Seeing as I have countered a YANA* with a YANA, I will give an example on my side.
A racial epithet is a description of racially defined superficial difference usually used in some degree of mockery.
The problem with taking a shared history of repression out of the equation is that in almost every case we could propose there does exist a shared history of repression in racial interactions which adds an extra layer of political inference to comments of that nature.
If you were instead to shift it to other descriptions of superficial difference usually used in some degree of mockery, such as hair colour, body shape, notions of beauty and ugliness etc it's easier to imagine a different situation.
Comments of those kinds can still be cruel and even used as socio-political mechanisms of control but there is no defined collective group of historically repressed people connected to those comments, few repressive groups historically associated with their use and few collective groups of resistance countering such comments.

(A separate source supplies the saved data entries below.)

Lemma corner_rel_sub (gamma : A -> A -> Prop) :
  (forall x, gamma x x) -> centralizes alpha gamma ->
  forall a b, corner_rel a b -> gamma a b.
Proof.
move=> gamma_refl gamma_central a b /Delta_rep[r [t_op r_alpha rE]].
(* Every block gets a copy of all variables; in block i the variables v with
   rblock v = i carry their pair (rlo v, rhi v), the others the trivial pair (a, a). *)
pose m (i : 'I_n.+1) := #|rvar r|.
pose lo i (j : 'I_(m i)) := if rblock (enum_val j) == i then rlo (enum_val j) else a.
pose hi i (j : 'I_(m i)) := if rblock (enum_val j) == i then rhi (enum_val j) else a.
pose t e := rterm r (fun v => e (existT (fun i => 'I_(m i)) (rblock v) (enum_rank v))).
pose env (c : 'I_n.+1 -> bool) (w : {i : 'I_n.+1 & 'I_(m i)}) :=
  if c (tag w) then hi (tag w) (tagged w) else lo (tag w) (tagged w).
have tE c : t (env c) = if [forall i, c i] then b else a.
  rewrite -(eq_forallb (fun i => congr1 c (inord_val i))).
  rewrite -(ord_of_bits_last (fun l => c (inord l))) rE.
  congr (rterm r _); apply: functional_extensionality => v.
  by rewrite /env /lo /hi enum_rankK eqxx bitn_ord_of_bits inord_val.
have lohi_alpha i j : alpha i (lo i j) (hi i j).
  by rewrite /lo /hi; case: eqP => [<- | _]; [exact: r_alpha | exact: alpha_refl].
have tE_some c (i : 'I_n.+1) : c i = false -> t (env c) = a.
  by move=> ci; rewrite tE; case: forallP => // /(_ i); rewrite ci.
have tE_all (c : 'I_n.+1 -> bool) : (forall i, c i) -> t (env c) = b.
  by move=> all_c; rewrite tE; case: forallP.
(* Centrality only speaks about terms all of whose blocks contain a nontrivial
   pair; if block i0 has none, the tuple does not depend on bit i0 and a = b. *)
case: (classic (forall i, exists j, lo i j <> hi i j)) => [nontrivial | ].
  have := gamma_central m lo hi t lohi_alpha nontrivial (term_op_rename _ t_op).
  cbv zeta; rewrite -/env (tE_all (Defs.choose _ true)); last first.
    by move=> i; rewrite /Defs.choose; case: ifP.
  rewrite (tE_some _ ord_max) ?/Defs.choose ?ltnn //.
  apply=> s [i [lt_in si]].
  by rewrite !(tE_some _ i) ?/Defs.choose ?lt_in.
move=> /not_all_ex_not[i0 /not_ex_all_not trivial_i0].
rewrite -(tE_some (fun i => i != i0) i0) ?eqxx // -(tE_all xpredT) //.
suff -> : env (fun i => i != i0) = env xpredT by apply: gamma_refl.
apply: functional_extensionality => -[i j]; rewrite /env /=.
case: eqP => [-> | _] //=; exact: NNPP (trivial_i0 j).
Qed.

Section Malcev.
Variable q : ('I_3 -> A) -> A.
Hypotheses (q_op : term_op q) (qxxy : forall x y, q (trip x x y) = y)
  (qyxx : forall x y, q (trip y x x) = y).

Lemma Delta_malcev x y z : D x -> D y -> D z -> D (fun k => q (trip (x k) (y k) (z k))).
Proof.
move=> Dx Dy Dz.
by apply: (Delta_term (ys := fun j k => trip (x k) (y k) (z k) j)) => // -[[|[|j]] ?].
Qed.

(* The bitwise map k |-> (bits where k agrees with j) sends only j to the last vertex. *)
Lemma corner_rel_at x z (j : 'I_(2 ^ n.+1)) :
  corner_rel x z -> D (fun k => if k == j then z else x).
Proof.
move=> /(Delta_reindex (fun i b => b == bitn i j)) Dxz.
apply: (Delta_ext Dxz) => k; rewrite ord_of_bits_last eq_ord_bitn.
by congr (if _ then _ else _); apply: eq_forallb => i; rewrite inord_val.
Qed.

Lemma Delta_set y (j : 'I_(2 ^ n.+1)) x :
  D y -> corner_rel x (y j) -> D (fun k => if k == j then x else y k).
Proof.
move=> Dy /(corner_rel_at j) Dxy.
apply: (Delta_ext (Delta_malcev Dy Dxy (Delta_const x))) => k.
by case: eqP => [-> | _]; rewrite ?qxxy ?qyxx.
Qed.

(* q (f (N - 1), f (k mod N), f k) is f (N - 1) except at the last coordinate. *)
Lemma corner_rel_of_periodic (f : nat -> A) :
  D (fun k => f k) -> (forall l, l < L -> f l = f (l %% N)) ->
  corner_rel (f (N - 1)) (f L).
Proof.
move=> Df f_per.
have pos_N : 0 < N by rewrite expn_gt0.
have lowE (k : 'I_(2 ^ n.+1)) : ord_of_bits (fun i => bitn i k && (i < n)) = k %% N :> nat.
  apply: (eq_bitn (nat_of_bits_lt _ _)).
    by apply: leq_trans (ltn_pmod _ pos_N) _; rewrite leq_pexp2l.
  by move=> i lt_i; rewrite bitn_nat_of_bits // bitn_modX andbC.
have Dlow := Delta_reindex (fun i b => b && (i < n)) Df.
apply: (Delta_ext (Delta_malcev (Delta_const (f (N - 1))) Dlow Df)) => k.
rewrite lowE; case: eqP => [-> | ne_kL].
  have -> : L = N + (N - 1) by rewrite expnS; lia.
  by rewrite modnDl modn_small ?qxxy //; lia.
by rewrite -f_per ?qyxx //; have : (k : nat) <> L := ne_kL; have := ltn_ord k; lia.
Qed.
(* In the stochastic opinion dynamics described below, for every agent $i$, almost surely $\psi_{i,t}=0$ for infinitely many $t$ and $\psi_{i,t}=1$ for infinitely many $t$.
   Context: Let $A=(a_{i,j})$ be a symmetric $n\times n$ matrix with nonnegative entries, the weighted adjacency matrix of an undirected graph $G$ on $\{1,\dots,n\}$ (self-loops allowed) that is connected and not bipartite; let $\deg(i)=\sum_j a_{i,j}$. Each agent $i$ has a bias parameter $\gamma_i>0$, and $\mathrm{diag}(\gamma_1,\dots,\gamma_n)\neq I$. Define $f(\mu,\gamma)=\frac{\gamma\mu}{1+(\gamma-1)\mu}$ for $\mu\in[0,1]$, and for $\beta\in[0,1]^n$ let $\mu_i(\beta)=\frac{1}{\deg(i)}\sum_j a_{i,j}\beta_j$. Dynamics: $\beta_i(1)\in(0,1)$ are given initial values. For each $t\ge1$, conditionally on the history $\mathcal{H}_t$ (all declarations up to time $t$), the declarations $\psi_{i,t+1}\in\{0,1\}$, $i=1,\dots,n$, are independent with $\mathbb{P}[\psi_{i,t+1}=1\mid\mathcal{H}_t]=f(\mu_i(\beta(t)),\gamma_i)$, and $\beta_i(t+1)=\frac{t}{t+1}\beta_i(t)+\frac{1}{t+1}\psi_{i,t+1}$. *)

From HB Require Import structures.
From mathcomp Require Import all_boot all_order all_algebra.
From mathcomp Require Import all_classical all_reals all_analysis.
Set Implicit Arguments. Unset Strict Implicit. Unset Printing Implicit Defensive.
Import Order.TTheory GRing.Theory Num.Theory.
Local Open Scope ring_scope.

Section Defs.
Variable R : realType.
Variable n : nat.

Definition adj (A : 'M[R]_n) : rel 'I_n := fun i j => 0 < A i j.

Definition graph_connected (A : 'M[R]_n) : Prop :=
  forall i j : 'I_n, connect (adj A) i j.

(* bipartite: a 2-colouring such that every edge (self-loops included)
   joins vertices of different colours *)
Definition graph_bipartite (A : 'M[R]_n) : Prop :=
  exists c : 'I_n -> bool, forall i j, 0 < A i j -> c i != c j.

Definition deg (A : 'M[R]_n) (i : 'I_n) : R := \sum_j A i j.

Definition mu (A : 'M[R]_n) (b : 'I_n -> R) (i : 'I_n) : R :=
  (deg A i)^-1 * \sum_j A i j * b j.

Definition fbias (m g : R) : R := g * m / (1 + (g - 1) * m).

(* Deterministic empirical averages along a declaration path x
   (x t i = psi_{i,t}, only t >= 2 used):
   beta_seq b1 x k = beta(k+1); beta(1) = b1,
   beta(k+2) = (k+1)/(k+2) beta(k+1) + 1/(k+2) psi_{k+2}. *)
Fixpoint beta_seq (b1 : 'I_n -> R) (x : nat -> 'I_n -> bool) (k : nat)
  : 'I_n -> R :=
  match k with
  | 0 => b1
  | k'.+1 => fun i => (k'.+1%:R / k'.+2%:R) * beta_seq b1 x k' i
                      + (k'.+2%:R)^-1 * (x k'.+2 i)%:R
  end.

(* probability that agents declare the values x (k+2) i at time k+2, given
   the history encoded in x up to time k+1 *)
Definition step_prob (A : 'M[R]_n) (gamma : 'I_n -> R) (b1 : 'I_n -> R)
  (x : nat -> 'I_n -> bool) (k : nat) : R :=
  \prod_(i < n)
    (let p := fbias (mu A (beta_seq b1 x k) i) (gamma i) in
     if x k.+2 i then p else 1 - p).

End Defs.

(* As beta(t) is an empirical average started in (0,1), every beta_j(t), hence
   mu_i(beta(t)) and both f and 1 - f, stay above c/t for some c > 0.  By the chain
   rule for the law of the declarations, the probability that agent i declares the
   same value b at all times in [N, M) is at most the product of the 1 - c/t over
   these times.  This product tends to 0: for K >= 1/c, (1 - c/t)^K <= t/(t+1), so its
   K-th power telescopes to N/M.  Hence each event "psi_{i,t} = b for all t >= N" is
   null, and so is their countable union. *)

From HB Require Import structures.
From mathcomp Require Import all_boot all_order all_algebra.
From mathcomp Require Import all_classical all_reals all_analysis.
From mathcomp Require Import ring lra.

Set Implicit Arguments.
Unset Strict Implicit.
Unset Printing Implicit Defensive.

Import Order.TTheory GRing.Theory Num.Theory.
Local Open Scope ring_scope.
Local Open Scope classical_set_scope.
(* Let $x>0$ and $p\in\mathbb{R}$. (i) If $0\le p\le \frac12$, then $\hat{G}_p(x,1)\ge K(x)^{-p(1-p)}W_p(x,1)$. (ii) If $p\le 0$ or $p\ge 1$, then $\hat{G}_p(x,1)\le K(x)^{-p(1-p)}W_p(x,1)$.
   Context: For $x>0$, $x\neq1$ and $p\neq 0$: $\hat{G}_p(x,1)=\frac{p\,x^{p/2}(x-1)}{x^p-1}$, with $\hat G_p(1,1)=1$ and $\hat{G}_0(x,1)=\frac{x-1}{\log x}$ (limiting value). $K(x)=\frac{(x+1)^2}{4x}$. The Wigner--Yanase--Dyson function for $p\in\mathbb{R}\setminus\{0,1\}$, $x\ne1$ is $W_p(x,1)=\frac{p(1-p)(x-1)^2}{(x^p-1)(x^{1-p}-1)}$, with $W_p(1,1)=1$ and $W_0(x,1)=W_1(x,1)=\frac{x-1}{\log x}$ (limiting value). *)

From Stdlib Require Import Reals.
Open Scope R_scope.

Definition Ghat (p x : R) : R :=
  if Req_EM_T x 1 then 1
  else if Req_EM_T p 0 then (x - 1) / ln x
  else p * Rpower x (p / 2) * (x - 1) / (Rpower x p - 1).

Definition Kfun (x : R) : R := (x + 1) ^ 2 / (4 * x).

Definition WYD (p x : R) : R :=
  if Req_EM_T x 1 then 1
  else if Req_EM_T p 0 then (x - 1) / ln x
  else if Req_EM_T p 1 then (x - 1) / ln x
  else p * (1 - p) * (x - 1) ^ 2 / ((Rpower x p - 1) * (Rpower x (1 - p) - 1)).

From Stdlib Require Import Reals Lra.
From Coquelicot Require Import Coquelicot.
Open Scope R_scope.

(* Put x = exp (2 t) and q = 1 - p.  Then Ghat_p(x,1) = sinh (q t) / (q sinh t) * W_p(x,1)
   and K(x)^(-p(1-p)) = cosh(t)^(2 q (q - 1)), so both parts compare the logarithm of that
   ratio with 2 q (q - 1) ln cosh t.  As a function of q, ln sinh (q t) - ln q has derivative
   t L(q t), where L = coth - 1/id is the Langevin function; L is increasing with 0 <= L <= tanh.
   Convexity in q and t L(t) <= ln cosh t give (i) from the tangent at q = 1; for q >= 1 the
   bounds tanh (q t) <= q tanh t and t tanh t <= 2 ln cosh t give (ii); q < 0 reduces to -q. *)

Lemma nondecreasing_of_derive_nonneg (f df : R -> R) (a b : R) : a <= b ->
  (forall x, a <= x <= b -> is_derive f x (df x)) ->
  (forall x, a <= x <= b -> 0 <= df x) -> f a <= f b.
Proof.
  intros Hab Hd Hpos.
  destruct (Req_dec a b) as [->|Hne]; [lra|].
  destruct (MVT_gen f a b df) as [c [Hc Hmvt]];
    rewrite Rmin_left, Rmax_right in * by lra.
  - intros x Hx; apply Hd; lra.
  - intros x Hx. apply continuity_pt_filterlim, (@ex_derive_continuous R_AbsRing R_NormedModule).
    exists (df x); apply Hd; lra.
  - assert (0 <= df c * (b - a)) by (apply Rmult_le_pos; [apply Hpos|]; lra).
    lra.
Qed.

Lemma nonincreasing_of_derive_nonpos (f df : R -> R) (a b : R) : a <= b ->
  (forall x, a <= x <= b -> is_derive f x (df x)) ->
  (forall x, a <= x <= b -> df x <= 0) -> f b <= f a.
Proof.
  intros Hab Hd Hneg.
  enough (- f a <= - f b) by lra.
  apply (nondecreasing_of_derive_nonneg (fun x => - f x) (fun x => - df x) a b Hab).
  - intros x Hx; apply (is_derive_opp f), Hd, Hx.
  - intros x Hx; specialize (Hneg x Hx); lra.
Qed.

Lemma exp_le_exp x y : x <= y -> exp x <= exp y.
Proof. intros [Hlt | ->]; [left; apply exp_increasing, Hlt | lra]. Qed.

Lemma cosh_pos u : 0 < cosh u.
Proof. unfold cosh. pose proof (exp_pos u). pose proof (exp_pos (- u)). lra. Qed.

Lemma cosh_ge_1 u : 1 <= cosh u.
Proof.
  unfold cosh. rewrite exp_Ropp. pose proof (exp_pos u) as He.
  assert (Hsq : (exp u + / exp u) / 2 - 1 = (exp u - 1) ^ 2 / (2 * exp u)) by (field; lra).
  assert (0 <= (exp u - 1) ^ 2 / (2 * exp u)) by (apply Rle_mult_inv_pos; [apply pow2_ge_0 | lra]).
  lra.
Qed.

Lemma ln_cosh_nonneg u : 0 <= ln (cosh u).
Proof.
  rewrite <- ln_1. destruct (cosh_ge_1 u) as [Hlt | <-]; [|lra].
  left; apply ln_increasing; lra.
Qed.

Lemma cosh_sq_sub_sinh_sq u : cosh u ^ 2 - sinh u ^ 2 = 1.
Proof. unfold cosh, sinh. rewrite exp_Ropp. pose proof (exp_pos u). field. lra. Qed.

Lemma sinh_pos u : 0 < u -> 0 < sinh u.
Proof. intros Hu. rewrite <- sinh_0. apply sinh_lt, Hu. Qed.

Lemma sinh_opp u : sinh (- u) = - sinh u.
Proof. unfold sinh. rewrite Ropp_involutive. lra. Qed.

Lemma cosh_opp u : cosh (- u) = cosh u.
Proof. unfold cosh. rewrite Ropp_involutive. lra. Qed.

Lemma is_derive_cosh u : is_derive cosh u (sinh u).
Proof. apply is_derive_Reals, derivable_pt_lim_cosh. Qed.

Lemma id_le_sinh u : 0 <= u -> u <= sinh u.
Proof.
  intros Hu.
  enough (u - sinh u <= 0 - sinh 0) by (rewrite sinh_0 in *; lra).
  apply (nonincreasing_of_derive_nonpos (fun u => u - sinh u) (fun u => 1 - cosh u) 0 u Hu).
  - intros x _. unfold sinh, cosh. auto_derive; [easy | lra].
  - intros x _. pose proof (cosh_ge_1 x). lra.
Qed.

Lemma sinh_le_id_mul_cosh u : 0 <= u -> sinh u <= u * cosh u.
Proof.
  intros Hu.
  enough (0 * cosh 0 - sinh 0 <= u * cosh u - sinh u) by (rewrite sinh_0 in *; lra).
  apply (nondecreasing_of_derive_nonneg (fun u => u * cosh u - sinh u) (fun u => u * sinh u) 0 u Hu).
  - intros x _. unfold sinh, cosh. auto_derive; [easy | lra].
  - intros x Hx. apply Rmult_le_pos; [lra|].
    destruct (Req_dec x 0) as [->|]; [rewrite sinh_0; lra | left; apply sinh_pos; lra].
Qed.

Lemma cosh_sub_1_le u : 0 <= u -> cosh u - 1 <= u * sinh u.
Proof.
  intros Hu.
  enough (0 * sinh 0 - cosh 0 <= u * sinh u - cosh u) by (rewrite cosh_0 in *; lra).
  apply (nondecreasing_of_derive_nonneg (fun u => u * sinh u - cosh u) (fun u => u * cosh u) 0 u Hu).
  - intros x _. unfold sinh, cosh. auto_derive; [easy | lra].
  - intros x Hx. pose proof (cosh_pos x). nra.
Qed.

Lemma cosh_le_cosh a b : 0 <= a <= b -> cosh a <= cosh b.
Proof.
  intros Hab. apply (nondecreasing_of_derive_nonneg cosh sinh a b); [lra | |].
  - intros x _; apply is_derive_cosh.
  - intros x Hx. pose proof (id_le_sinh x). lra.
Qed.

Lemma one_le_sinh_div u : u <> 0 -> 1 <= sinh u / u.
Proof.
  intros Hu. destruct (Rlt_or_le 0 u) as [Hpos|Hneg].
  - pose proof (id_le_sinh u). apply Rmult_le_reg_r with u; [lra|].
    unfold Rdiv. rewrite Rmult_assoc, Rinv_l; lra.
  - pose proof (id_le_sinh (- u)). rewrite sinh_opp in *.
    replace (sinh u / u) with (- sinh u / - u) by (field; exact Hu).
    apply Rmult_le_reg_r with (- u); [lra|].
    unfold Rdiv. rewrite Rmult_assoc, Rinv_l; lra.
Qed.

Lemma sinh_neq_0 u : u <> 0 -> sinh u <> 0.
Proof.
  intros Hu Hs. pose proof (one_le_sinh_div u Hu) as H.
  rewrite Hs, Rdiv_0_l in H. lra.
Qed.

Lemma tanh_mul_le q t : 1 <= q -> 0 <= t -> tanh (q * t) <= q * tanh t.
Proof.
  intros Hq Ht. unfold tanh.
  enough (q * (sinh 0 / cosh 0) - sinh (q * 0) / cosh (q * 0)
          <= q * (sinh t / cosh t) - sinh (q * t) / cosh (q * t))
    by (rewrite Rmult_0_r, sinh_0, Rdiv_0_l in *; lra).
  apply (nondecreasing_of_derive_nonneg
           (fun w => q * (sinh w / cosh w) - sinh (q * w) / cosh (q * w))
           (fun w => q / cosh w ^ 2 - q / cosh (q * w) ^ 2) 0 t Ht).
  - intros w _. pose proof (cosh_pos w). pose proof (cosh_pos (q * w)).
    auto_derive; [repeat split; lra|].
    replace (q / cosh w ^ 2) with (q * (cosh w ^ 2 - sinh w ^ 2) / cosh w ^ 2)
      by (rewrite cosh_sq_sub_sinh_sq; field; lra).
    replace (q / cosh (q * w) ^ 2) with (q * (cosh (q * w) ^ 2 - sinh (q * w) ^ 2) / cosh (q * w) ^ 2)
      by (rewrite cosh_sq_sub_sinh_sq; field; lra).
    field; lra.
  - intros w Hw. pose proof (cosh_pos w). pose proof (cosh_le_cosh w (q * w) ltac:(nra)).
    assert (/ cosh (q * w) ^ 2 <= / cosh w ^ 2) by (apply Rinv_le_contravar; nra).
    unfold Rdiv. nra.
Qed.

Lemma mul_tanh_le_2_ln_cosh t : 0 <= t -> t * tanh t <= 2 * ln (cosh t).
Proof.
  intros Ht. unfold tanh.
  enough (2 * ln (cosh 0) - 0 * (sinh 0 / cosh 0) <= 2 * ln (cosh t) - t * (sinh t / cosh t))
    by (rewrite cosh_0, ln_1 in *; lra).
  apply (nondecreasing_of_derive_nonneg (fun w => 2 * ln (cosh w) - w * (sinh w / cosh w))
           (fun w => (sinh w * cosh w - w) / cosh w ^ 2) 0 t Ht).
  - intros w _. pose proof (cosh_pos w).
    auto_derive; [repeat split; lra|].
    replace ((sinh w * cosh w - w) / cosh w ^ 2)
      with ((sinh w * cosh w - w * (cosh w ^ 2 - sinh w ^ 2)) / cosh w ^ 2)
      by (rewrite cosh_sq_sub_sinh_sq; field; lra).
    field; lra.
  - intros w Hw. pose proof (cosh_ge_1 w). pose proof (id_le_sinh w ltac:(lra)).
    apply Rle_mult_inv_pos; nra.
Qed.

Definition langevin (u : R) : R := cosh u / sinh u - 1 / u.

Lemma is_derive_langevin u : 0 < u -> is_derive langevin u (1 / u ^ 2 - 1 / sinh u ^ 2).
Proof.
  intros Hu. pose proof (sinh_pos u Hu). unfold langevin.
  auto_derive; [repeat split; lra|].
  replace (1 / sinh u ^ 2) with ((cosh u ^ 2 - sinh u ^ 2) / sinh u ^ 2)
    by (rewrite cosh_sq_sub_sinh_sq; reflexivity).
  field; lra.
Qed.

Lemma langevin_le_langevin u v : 0 < u -> u <= v -> langevin u <= langevin v.
Proof.
  intros Hu Huv.
  apply (nondecreasing_of_derive_nonneg langevin (fun w => 1 / w ^ 2 - 1 / sinh w ^ 2) u v Huv).
  - intros w Hw. apply is_derive_langevin. lra.
  - intros w Hw. pose proof (id_le_sinh w ltac:(lra)).
    assert (/ sinh w ^ 2 <= / w ^ 2) by (apply Rinv_le_contravar; nra).
    unfold Rdiv. lra.
Qed.

Lemma langevin_nonneg u : 0 < u -> 0 <= langevin u.
Proof.
  intros Hu. pose proof (sinh_pos u Hu). pose proof (sinh_le_id_mul_cosh u ltac:(lra)).
  replace (langevin u) with ((u * cosh u - sinh u) / (u * sinh u)) by (unfold langevin; field; lra).
  apply Rle_mult_inv_pos; nra.
Qed.

Lemma langevin_le_tanh u : 0 < u -> langevin u <= tanh u.
Proof.
  intros Hu. pose proof (sinh_pos u Hu). pose proof (cosh_ge_1 u).
  pose proof (id_le_sinh u ltac:(lra)).
  enough (0 <= tanh u - langevin u) by lra.
  replace (tanh u - langevin u)
    with ((sinh u * cosh u - u * (cosh u ^ 2 - sinh u ^ 2)) / (u * sinh u * cosh u))
    by (unfold tanh, langevin; field; lra).
  rewrite cosh_sq_sub_sinh_sq.
  apply Rle_mult_inv_pos; [nra|].
  apply Rmult_lt_0_compat; [nra | lra].
Qed.
Lemma norm1_dres F E :
  norm1 (dres_mx A0 C0 F E) <= x0 * (x0 * c0 + 1) * (norm1 F + norm1 E).
Proof.
have x0_ge0 : 0 <= x0 := norm1_ge0 _.
have c0_ge0 : 0 <= c0 := norm1_ge0 _.
have f_ge0 : 0 <= norm1 F := norm1_ge0 _.
have e_ge0 : 0 <= norm1 E := norm1_ge0 _.
have h1 : norm1 (X0 *m F *m X0 *m C0) <= x0 * norm1 F * x0 * c0.
  by do 3 rewrite (le_trans (norm1M _ _)) // ler_wpM2r //.
have h2 : norm1 (X0 *m E) <= x0 * norm1 E := norm1M _ _.
rewrite (le_trans (norm1B _ _)) // (le_trans (lerD h1 h2)) //.
rewrite -subr_ge0 (_ : _ - _ = x0 * x0 * c0 * norm1 E + x0 * norm1 F); last by ring.
by rewrite addr_ge0 ?mulr_ge0.
Qed.

Lemma norm1_res_remainder A C : A \in unitmx ->
  let F := A - A0 in let E := C - C0 in let D := invmx A - X0 in
  2 * x0 * (norm1 F + norm1 E) <= 1 ->
  norm1 (X0 *m F *m D *m C0 - D *m E)
  <= 2 * x0 ^+ 2 * (x0 * c0 + 1) * (norm1 F + norm1 E) ^+ 2.
Proof.
move=> uA F E D small.
have x0_ge0 : 0 <= x0 := norm1_ge0 _.
have c0_ge0 : 0 <= c0 := norm1_ge0 _.
have f_ge0 : 0 <= norm1 F := norm1_ge0 _.
have e_ge0 : 0 <= norm1 E := norm1_ge0 _.
have d_ge0 : 0 <= norm1 D := norm1_ge0 _.
have d_le : norm1 D <= 2 * x0 ^+ 2 * (norm1 F + norm1 E).
  have : 2 * x0 * norm1 F <= 1 by nra.
  move/(norm1_invmxB uA)/le_trans; apply.
  by rewrite ler_wpM2l ?mulr_ge0 ?exprn_ge0 // lerDl.
have h1 : norm1 (X0 *m F *m D *m C0) <= x0 * norm1 F * norm1 D * c0.
  by do 3 rewrite (le_trans (norm1M _ _)) // ler_wpM2r //.
have h2 : norm1 (D *m E) <= norm1 D * norm1 E := norm1M _ _.
rewrite (le_trans (norm1B _ _)) // (le_trans (lerD h1 h2)) //.
have lin : x0 * norm1 F * c0 + norm1 E <= (x0 * c0 + 1) * (norm1 F + norm1 E).
  rewrite -subr_ge0 (_ : _ - _ = x0 * c0 * norm1 E + norm1 F); last by ring.
  by rewrite addr_ge0 ?mulr_ge0.
move: d_le lin; set dl := norm1 F + norm1 E => d_le lin.
rewrite [leLHS](_ : _ = norm1 D * (x0 * norm1 F * c0 + norm1 E)); last by ring.
rewrite [leRHS](_ : _ = 2 * x0 ^+ 2 * dl * ((x0 * c0 + 1) * dl)); last by ring.
by rewrite ler_pM ?addr_ge0 ?mulr_ge0.
Qed.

There are no institutionalised ginger hair oppressor groups and the few groups who are organised to combat the jibes against red heads are not taken as seriously as people fighting against racial bigotry.
People of all races can be cruel to overweight or 'ugly' people and while statistical proofs exist that prejudice based on those superficial differences can effect the life chances of people there are no marches for the rights of the ugly or the short, or the lanky.
There is no defined history of systemic oppression.
In an alien or fictional culture it may be that ethnic differences (like skin colour) have never been used in the way we are familiar (or the roles may have been reversed).
A racial epithet would in such an environment have a totally different meaning to that society to that we are familiar with.
Indeed in the future or even in the far distant past of our own species they may have also a totally different meaning.